WARNING: An illegal reflective access operation has occurred
WARNING: Illegal reflective access by com.mina86.unsafe.UnsafeStringImpl (file:/home/mpn/code/unsafe-str/) to field java.lang.String.value
WARNING: Please consider reporting this to the maintainers of com.mina86.unsafe.UnsafeStringImpl
WARNING: Use --illegal-access=warn to enable warnings of further illegal reflective access operations
WARNING: All illegal access operations will be denied in a future release
java.lang.IllegalArgumentException: Can not set final [B field java.lang.String.value to [C
	at java.base/jdk.internal.reflect.UnsafeFieldAccessorImpl.throwSetIllegalArgumentException(UnsafeFieldAccessorImpl.java:167)
	at java.base/jdk.internal.reflect.UnsafeFieldAccessorImpl.throwSetIllegalArgumentException(UnsafeFieldAccessorImpl.java:171)
	at java.base/jdk.internal.reflect.UnsafeQualifiedObjectFieldAccessorImpl.set(UnsafeQualifiedObjectFieldAccessorImpl.java:83)
	at java.base/java.lang.reflect.Field.set(Field.java:780)
	at com.mina86.unsafe.UnsafeStringImpl.makeUnsafeMaybe(UnsafeStringImpl.java:19)
	at com.mina86.unsafe.UnsafeStringBenchmark.main(UnsafeStringBenchmark.java:15)
Testing unsafe implementation: unsupported by the run-time

How’s that for a twist?

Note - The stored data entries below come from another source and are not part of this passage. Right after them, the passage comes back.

(* Let $G_1$ and $G_2$ be connected graphs, let $H=G_1+G_2$ be their join, and let $g$ be a constant function from the vertex set of the first copy of $H$ to the vertex set of the second copy of $H$. Then $fix(F_H)=2\,fix(H)-i$ for some $i\in\{0,1\}$.
   Context: The join $G_1+G_2$ of graphs with disjoint vertex sets is the union $G_1\cup G_2$ together with all edges joining every vertex of $G_1$ to every vertex of $G_2$. A set $S\subseteq V(H)$ is a fixing set of a graph $H$ if the only automorphism of $H$ fixing every vertex of $S$ is the identity; $fix(H)$ is the minimum cardinality of a fixing set of $H$. Functigraph: let $H_1,H_2$ be disjoint copies of a connected graph $H$, with $A=V(H_1)$, $B=V(H_2)$, and let $g:A\to B$ be a function. The functigraph $F_H$ has vertex set $A\cup B$ and edge set $E(H_1)\cup E(H_2)\cup\{ug(u):u\in A\}$. *)

From mathcomp Require Import all_boot all_fingroup.
Set Implicit Arguments. Unset Strict Implicit. Unset Printing Implicit Defensive.

Definition simple_graph (T : finType) (e : rel T) : Prop :=
  symmetric e /\ irreflexive e.

Definition connected_graph (T : finType) (e : rel T) : Prop :=
  (exists x : T, True) /\ forall x y : T, connect e x y.

Definition is_automorphism (T : finType) (e : rel T) (f : {perm T}) : Prop :=
  forall x y, e (f x) (f y) = e x y.

Definition fixing_setb (T : finType) (e : rel T) (S : {set T}) : bool :=
  [forall f : {perm T},
     ([forall x, [forall y, e (f x) (f y) == e x y]] &&
      [forall x in S, f x == x]) ==> (f == 1%g)].

(* fix(H): minimum cardinality of a fixing set (the full vertex set is always
   fixing, so #|T| is a correct default for the minimum). *)
Definition fixnum (T : finType) (e : rel T) : nat :=
  \big[minn/#|T|]_(S : {set T} | fixing_setb e S) #|S|.

Definition join_rel (T1 T2 : finType) (e1 : rel T1) (e2 : rel T2)
  : rel (T1 + T2)%type :=
  fun u v => match u, v with
  | inl a, inl b => e1 a b
  | inr a, inr b => e2 a b
  | _, _ => true
  end.

(* Functigraph F_H: vertex set A + B, with A = inl-copy and B = inr-copy of H,
   g : A -> B. *)
Definition functigraph_rel (T : finType) (e : rel T) (g : T -> T)
  : rel (T + T)%type :=
  fun u v => match u, v with
  | inl a, inl b => e a b
  | inr a, inr b => e a b
  | inl a, inr b => b == g a
  | inr b, inl a => b == g a
  end.

From mathcomp Require Import all_boot all_fingroup.
From mathcomp Require Import zify.
Set Implicit Arguments. Unset Strict Implicit. Unset Printing Implicit Defensive.

(* When g is constant with value c, the vertex inr c of F_H is adjacent to the
   whole first copy and to its neighbours in the second copy, so it is the only
   vertex of degree exceeding |V(H)|; every automorphism fixes it.  The only
   edges between the copies end at inr c, so by connectivity of H and counting,
   automorphisms also preserve both copies.  Hence the automorphisms of F_H are
   exactly the pairs (p, q) of automorphisms of H with q c = c, and a set fixes
   F_H iff its first-copy part S_A fixes H and its second-copy part S_B fixes H
   once c is added. *)

Lemma fixing_setP (T : finType) (e : rel T) (S : {set T}) :
  reflect (forall f : {perm T}, is_automorphism e f ->
             {in S, forall x, f x = x} -> f = 1%g)
          (fixing_setb e S).
Proof.
apply: (iffP forallP) => [fixS f autf fixf | fixS f].
  apply/eqP; apply: (implyP (fixS f)); apply/andP; split.
    by apply/forallP => x; apply/forallP => y; rewrite autf.
  by apply/forall_inP => x /fixf ->.
apply/implyP => /andP[/forallP autf /forall_inP fixf]; apply/eqP.
apply: fixS => [x y | x /fixf /eqP //]; exact/eqP/(forallP (autf x) y).
Qed.

Lemma is_automorphism1 (T : finType) (e : rel T) : is_automorphism e 1.
Proof. by move=> x y; rewrite !perm1. Qed.

Lemma fixing_setT (T : finType) (e : rel T) : fixing_setb e [set: T].
Proof. by apply/fixing_setP => f _ fixf; apply/permP => x; rewrite perm1 fixf. Qed.

Lemma fixing_setS (T : finType) (e : rel T) (S S' : {set T}) :
  S \subset S' -> fixing_setb e S -> fixing_setb e S'.
Proof.
move=> sSS' /fixing_setP fixS; apply/fixing_setP => f autf fixf.
by apply: fixS => // x /(subsetP sSS'); apply: fixf.
Qed.

Lemma bigmin_leq (I : eqType) (r : seq I) (P : pred I) (F : I -> nat) d i :
  i \in r -> P i -> \big[minn/d]_(j <- r | P j) F j <= F i.
Proof.
elim: r => [//|j r IHr]; rewrite in_cons big_cons => /orP[/eqP <- -> | ir Pi].
  exact: geq_minl.
by case: (P j); rewrite ?geq_min IHr ?orbT.
Qed.

Lemma fixnum_min (T : finType) (e : rel T) (S : {set T}) :
  fixing_setb e S -> fixnum e <= #|S|.
Proof. by move=> fixS; apply: bigmin_leq; rewrite ?mem_index_enum. Qed.

Lemma fixnum_attained (T : finType) (e : rel T) :
  exists2 S : {set T}, fixing_setb e S & #|S| = fixnum e.
Proof.
have [S fixS minS] := arg_minnP (fun S : {set T} => #|S|) (fixing_setT e).
exists S => //; apply/eqP; rewrite eqn_leq fixnum_min // andbT.
apply: (big_rec (fun m => #|S| <= m)); first exact: max_card.
by move=> S' m fixS' leSm; rewrite leq_min leSm minS.
Qed.

Definition degree (T : finType) (e : rel T) (x : T) := #|[set y | e x y]|.

Lemma degree_aut (T : finType) (e : rel T) (f : {perm T}) x :
  is_automorphism e f -> degree e (f x) = degree e x.
Proof.
move=> autf; rewrite /degree -(card_preimset _ (@perm_inj _ f)).
by apply: eq_card => y; rewrite !inE autf.
Qed.

Lemma degree_lt_card (T : finType) (e : rel T) x :
  irreflexive e -> degree e x < #|T|.
Proof.
move=> irr; have sub : [set y | e x y] \subset [set~ x].
  by apply/subsetP => y; rewrite !inE; apply: contraTneq => ->; rewrite irr.
apply: leq_ltn_trans (subset_leq_card sub) _; rewrite cardsC1.
suff : 0 < #|T| by case: #|T|.
by apply/card_gt0P; exists x.
Qed.

Lemma card_preim_inl_inr (A B : finType) (S : {set A + B}) :
  #|inl @^-1: S| + #|inr @^-1: S| = #|S|.
Proof.
rewrite -!sum1_card big_sumType.
by congr (_ + _); apply: eq_bigl => x; rewrite inE.
Qed.

Section SumPerm.
Variables (A B : finType) (p : {perm A}) (q : {perm B}).

Definition sum_fun (x : A + B) : A + B :=
  match x with inl a => inl (p a) | inr b => inr (q b) end.

Lemma sum_fun_inj : injective sum_fun.
Proof. by move=> [a|b] [a'|b'] //= [] /perm_inj ->. Qed.

Definition sum_perm : {perm A + B} := perm sum_fun_inj.

Lemma sum_perm_inl a : sum_perm (inl a) = inl (p a).
Proof. by rewrite permE. Qed.

Lemma sum_perm_inr b : sum_perm (inr b) = inr (q b).
Proof. by rewrite permE. Qed.

Lemma sum_perm_eq1 : (sum_perm == 1%g) = (p == 1%g) && (q == 1%g).
Proof.
apply/eqP/andP => [s1 | [/eqP p1 /eqP q1]]; last first.
  by apply/permP => -[a|b]; rewrite perm1 ?sum_perm_inl ?sum_perm_inr ?p1 ?q1 perm1.
split; apply/eqP/permP => x; rewrite perm1.
  by have := sum_perm_inl x; rewrite s1 perm1 => -[].
by have := sum_perm_inr x; rewrite s1 perm1 => -[].
Qed.

End SumPerm.

Section ConstantFunctigraph.
Variables (V : finType) (e : rel V) (c : V) (g : V -> V).
Hypotheses (sym : symmetric e) (irr : irreflexive e).
Hypothesis conn : forall x y, connect e x y.
Hypothesis c_nonisolated : exists z, e c z.
Hypothesis gc : forall a, g a = c.

Local Notation F := (functigraph_rel e g).

Lemma degree_hub : #|V| < degree F (inr c).
Proof.
have [z ecz] := c_nonisolated.
have sub : inr z |: [set inl a | a in V] \subset [set y | F (inr c) y].
  by apply/subsetP => y; rewrite !inE => /orP[/eqP -> | /imsetP[a _ ->]] /=;
    rewrite ?gc.
apply: leq_trans (subset_leq_card sub).
rewrite cardsU1 card_imset ?cardsT; last exact: inl_inj.
suff -> : inr z \notin [set inl a | a in V] by [].
by apply/imsetP => -[].
Qed.

Lemma degree_not_hub x : x != inr c -> degree F x <= #|V|.
Proof.
case: x => [a | b] x_hub.
  have sub : [set y | F (inl a) y]
      \subset inr c |: [set inl a' | a' in [set a' | e a a']].
    apply/subsetP => -[a' | b']; rewrite !inE /= ?gc.
      by move=> eaa'; apply: imset_f; rewrite inE.
    by move=> /eqP ->; rewrite eqxx.
  apply: leq_trans (subset_leq_card sub) _.
  rewrite cardsU1 card_imset; last exact: inl_inj.
  apply: leq_trans (degree_lt_card a irr).
  by rewrite /degree -add1n leq_add2r leq_b1.
have sub : [set y | F (inr b) y] \subset [set inr b' | b' in [set b' | e b b']].
  apply/subsetP => -[a' | b']; rewrite !inE /= ?gc.
    by move=> /eqP bc; rewrite bc eqxx in x_hub.
  by move=> ebb'; apply: imset_f; rewrite inE.
apply: leq_trans (subset_leq_card sub) _.
rewrite card_imset; last exact: inr_inj.
exact: ltnW (degree_lt_card b irr).
Qed.

Lemma aut_fix_hub f : is_automorphism F f -> f (inr c) = inr c.
Proof.
move=> autf; apply/eqP; apply: contraT => /degree_not_hub.
by rewrite degree_aut // leqNgt degree_hub.
Qed.

Lemma aut_inv f : is_automorphism F f -> is_automorphism F f^-1.
Proof. by move=> autf x y; rewrite -autf !permKV. Qed.

Lemma aut_inl f : is_automorphism F f -> forall a, exists a', f (inl a) = inl a'.
Proof.
move=> autf a0; case E0: (f (inl a0)) => [a' | b0]; first by exists a'.
exfalso.
pose moved := [pred a | if f (inl a) is inr _ then true else false].
have image_not_hub a b : f (inl a) = inr b -> b != c.
  move=> fa; apply/eqP => bc; suff : inl a = inr c :> V + V by [].
  by apply: (@perm_inj _ f); rewrite fa bc aut_fix_hub.
(* An edge [inr b -- inl a''] of [F] forces [b = c]. *)
have moved_closed : closed e moved.
  apply: (intro_closed (sym_connect_sym sym)) => a a' eaa'.
  rewrite !inE; case fa: (f (inl a)) => [// | b] _.
  have := autf (inl a) (inl a'); rewrite fa /= eaa'.
  by case: (f (inl a')) => //= a''; rewrite gc (negPf (image_not_hub _ _ fa)).
have inr_image a : exists2 b, f (inl a) = inr b & b != c.
  have := closed_connect moved_closed (conn a0 a); rewrite !inE /moved E0.
  by case fa: (f (inl a)) => [// | b] _; exists b; rewrite // (image_not_hub a).
have sub : f @: [set inl a | a in V] \subset [set inr b | b in [set~ c]].
  apply/subsetP => y /imsetP[_ /imsetP[a _ ->] ->].
  by have [b -> bc] := inr_image a; apply: imset_f; rewrite !inE.
have := subset_leq_card sub.
rewrite !card_imset ?cardsT ?cardsC1; try exact: inl_inj; try exact: inr_inj;
  try exact: perm_inj.
have : 0 < #|V| by apply/card_gt0P; exists a0.
by case: #|V| => // n _; rewrite ltnn.
Qed.

Lemma aut_inr f : is_automorphism F f -> forall b, exists b', f (inr b) = inr b'.
Proof.
move=> autf b; case fb: (f (inr b)) => [a | b']; last by exists b'.
have [a' fa] := aut_inl (aut_inv autf) a.
by rewrite -fb permK in fa.
Qed.

Lemma sum_perm_aut p q :
  is_automorphism e p -> is_automorphism e q -> q c = c ->
  is_automorphism F (sum_perm p q).
Proof.
move=> autp autq qc [a | b] [a' | b'];
  rewrite ?sum_perm_inl ?sum_perm_inr /= ?autp ?autq // !gc;
  by rewrite -{1}qc (inj_eq perm_inj).
Qed.

Lemma aut_sum_perm f : is_automorphism F f ->
  exists p q, [/\ is_automorphism e p, is_automorphism e q, q c = c
                & f = sum_perm p q].
Proof.
move=> autf.
pose fA a := if f (inl a) is inl a' then a' else a.
pose fB b := if f (inr b) is inr b' then b' else b.
have fAE a : f (inl a) = inl (fA a) by rewrite /fA; have [a' ->] := aut_inl autf a.
have fBE b : f (inr b) = inr (fB b) by rewrite /fB; have [b' ->] := aut_inr autf b.
have fA_inj : injective fA.
  by move=> a a' eq_fA; apply: inl_inj; apply: (@perm_inj _ f); rewrite !fAE eq_fA.
have fB_inj : injective fB.
  by move=> b b' eq_fB; apply: inr_inj; apply: (@perm_inj _ f); rewrite !fBE eq_fB.
exists (perm fA_inj), (perm fB_inj); split.
- by move=> a a'; rewrite !permE -[e a a']/(F (inl a) (inl a')) -autf !fAE.
- by move=> b b'; rewrite !permE -[e b b']/(F (inr b) (inr b')) -autf !fBE.
- by rewrite permE; have := aut_fix_hub autf; rewrite fBE => -[].
- by apply/permP => -[a | b]; rewrite ?sum_perm_inl ?sum_perm_inr permE.
Qed.

Lemma fixing_set_sum (SA SB : {set V}) :
  fixing_setb e SA -> fixing_setb e (c |: SB) ->
  fixing_setb F ([set inl a | a in SA] :|: [set inr b | b in SB]).
Proof.
move=> /fixing_setP fixA /fixing_setP fixB; apply/fixing_setP => f autf fixf.
have [p [q [autp autq qc fE]]] := aut_sum_perm autf; subst f.
apply/eqP; rewrite sum_perm_eq1; apply/andP; split; apply/eqP.
  apply: fixA => // a aA.
  by have := fixf (inl a); rewrite sum_perm_inl !inE imset_f // => /(_ isT) [].
apply: fixB => // b; rewrite !inE => /orP[/eqP -> // | bB].
by have := fixf (inr b); rewrite sum_perm_inr !inE imset_f ?orbT // => /(_ isT) [].
Qed.

Lemma fixing_set_inl (S : {set V + V}) :
  fixing_setb F S -> fixing_setb e (inl @^-1: S).
Proof.
move=> /fixing_setP fixS; apply/fixing_setP => p autp fixp.
have s1 : sum_perm p (1 : {perm V}) = 1%g.
  apply: fixS => [|[a | b] xS].
  - exact: sum_perm_aut autp (is_automorphism1 e) (perm1 c).
  - by rewrite sum_perm_inl fixp // inE.
  - by rewrite sum_perm_inr perm1.
by move/eqP: s1; rewrite sum_perm_eq1 => /andP[/eqP].
Qed.

Lemma fixing_set_inr (S : {set V + V}) :
  fixing_setb F S -> fixing_setb e (c |: inr @^-1: S).
Proof.
move=> /fixing_setP fixS; apply/fixing_setP => q autq fixq.
have qc : q c = c by apply: fixq; rewrite !inE eqxx.
have s1 : sum_perm (1 : {perm V}) q = 1%g.
  apply: fixS => [|[a | b] xS].
  - exact: sum_perm_aut (is_automorphism1 e) autq qc.
  - by rewrite sum_perm_inl perm1.
  - by rewrite sum_perm_inr fixq // !inE xS orbT.
by move/eqP: s1; rewrite sum_perm_eq1 => /andP[_ /eqP].
Qed.

Lemma fixnum_functigraph_le : fixnum F <= 2 * fixnum e.
Proof.
have [S fixS <-] := fixnum_attained e.
have fixSc := fixing_setS (subsetUr [set c] S) fixS.
apply: leq_trans (fixnum_min (fixing_set_sum fixS fixSc)) _.
apply: leq_trans (leq_card_setU _ _) _.
by rewrite mul2n -addnn leq_add ?leq_imset_card.
Qed.

Lemma fixnum_functigraph_ge : 2 * fixnum e <= (fixnum F).+1.
Proof.
have [S fixS <-] := fixnum_attained F.
have le_inl := fixnum_min (fixing_set_inl fixS).
have le_inr := leq_trans (fixnum_min (fixing_set_inr fixS)) (leq_card_setU _ _).
rewrite cards1 in le_inr.
by rewrite -card_preim_inl_inr; lia.
Qed.

End ConstantFunctigraph.

Section Join.
Variables (T1 T2 : finType) (e1 : rel T1) (e2 : rel T2).

Lemma join_symmetric : symmetric e1 -> symmetric e2 -> symmetric (join_rel e1 e2).
Proof. by move=> sym1 sym2 [a | b] [a' | b'] /=. Qed.

Lemma join_irreflexive :
  irreflexive e1 -> irreflexive e2 -> irreflexive (join_rel e1 e2).
Proof. by move=> irr1 irr2 [a | b] /=. Qed.

Lemma join_connected (t1 : T1) (t2 : T2) x y : connect (join_rel e1 e2) x y.
Proof.
case: x y => [a | b] [a' | b'].
- by apply: (connect_trans (_ : connect _ _ (inr t2))); apply: connect1.
- exact: connect1.
- exact: connect1.
- by apply: (connect_trans (_ : connect _ _ (inl t1))); apply: connect1.
Qed.

End Join.

Theorem proposition3p13 (T1 T2 : finType) (e1 : rel T1) (e2 : rel T2)
  (g : (T1 + T2)%type -> (T1 + T2)%type) :
  simple_graph e1 -> simple_graph e2 ->
  connected_graph e1 -> connected_graph e2 ->
  (exists c, forall u, g u = c) ->
  exists i : nat, i <= 1 /\
    fixnum (functigraph_rel (join_rel e1 e2) g) + i
    = 2 * fixnum (join_rel e1 e2).
Proof.
move=> [sym1 irr1] [sym2 irr2] [[t1 _] _] [[t2 _] _] [c gc].
have sym := join_symmetric sym1 sym2.
have irr := join_irreflexive irr1 irr2.
(* Connectedness of G1 and G2 only serves to make them nonempty. *)
have conn := join_connected e1 e2 t1 t2.
have c_nonisolated : exists z, join_rel e1 e2 c z.
  by case: c {gc} => [a | b]; [exists (inr t2) | exists (inl t1)].
have le := fixnum_functigraph_le sym irr conn c_nonisolated gc.
have ge := fixnum_functigraph_ge (join_rel e1 e2) gc.
exists (2 * fixnum (join_rel e1 e2) - fixnum (functigraph_rel (join_rel e1 e2) g)).
by split; lia.
Qed.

Uh? I overhyped the twist, you say? Well… Dumbledore dies!

On a serious note though, yes, starting with Java 9, Oracle started locking down internal APIs making some low-level optimisations no longer possible, so as you move from Java 8 remember to check any libraries which achieve high performance by messing around Java’s internals.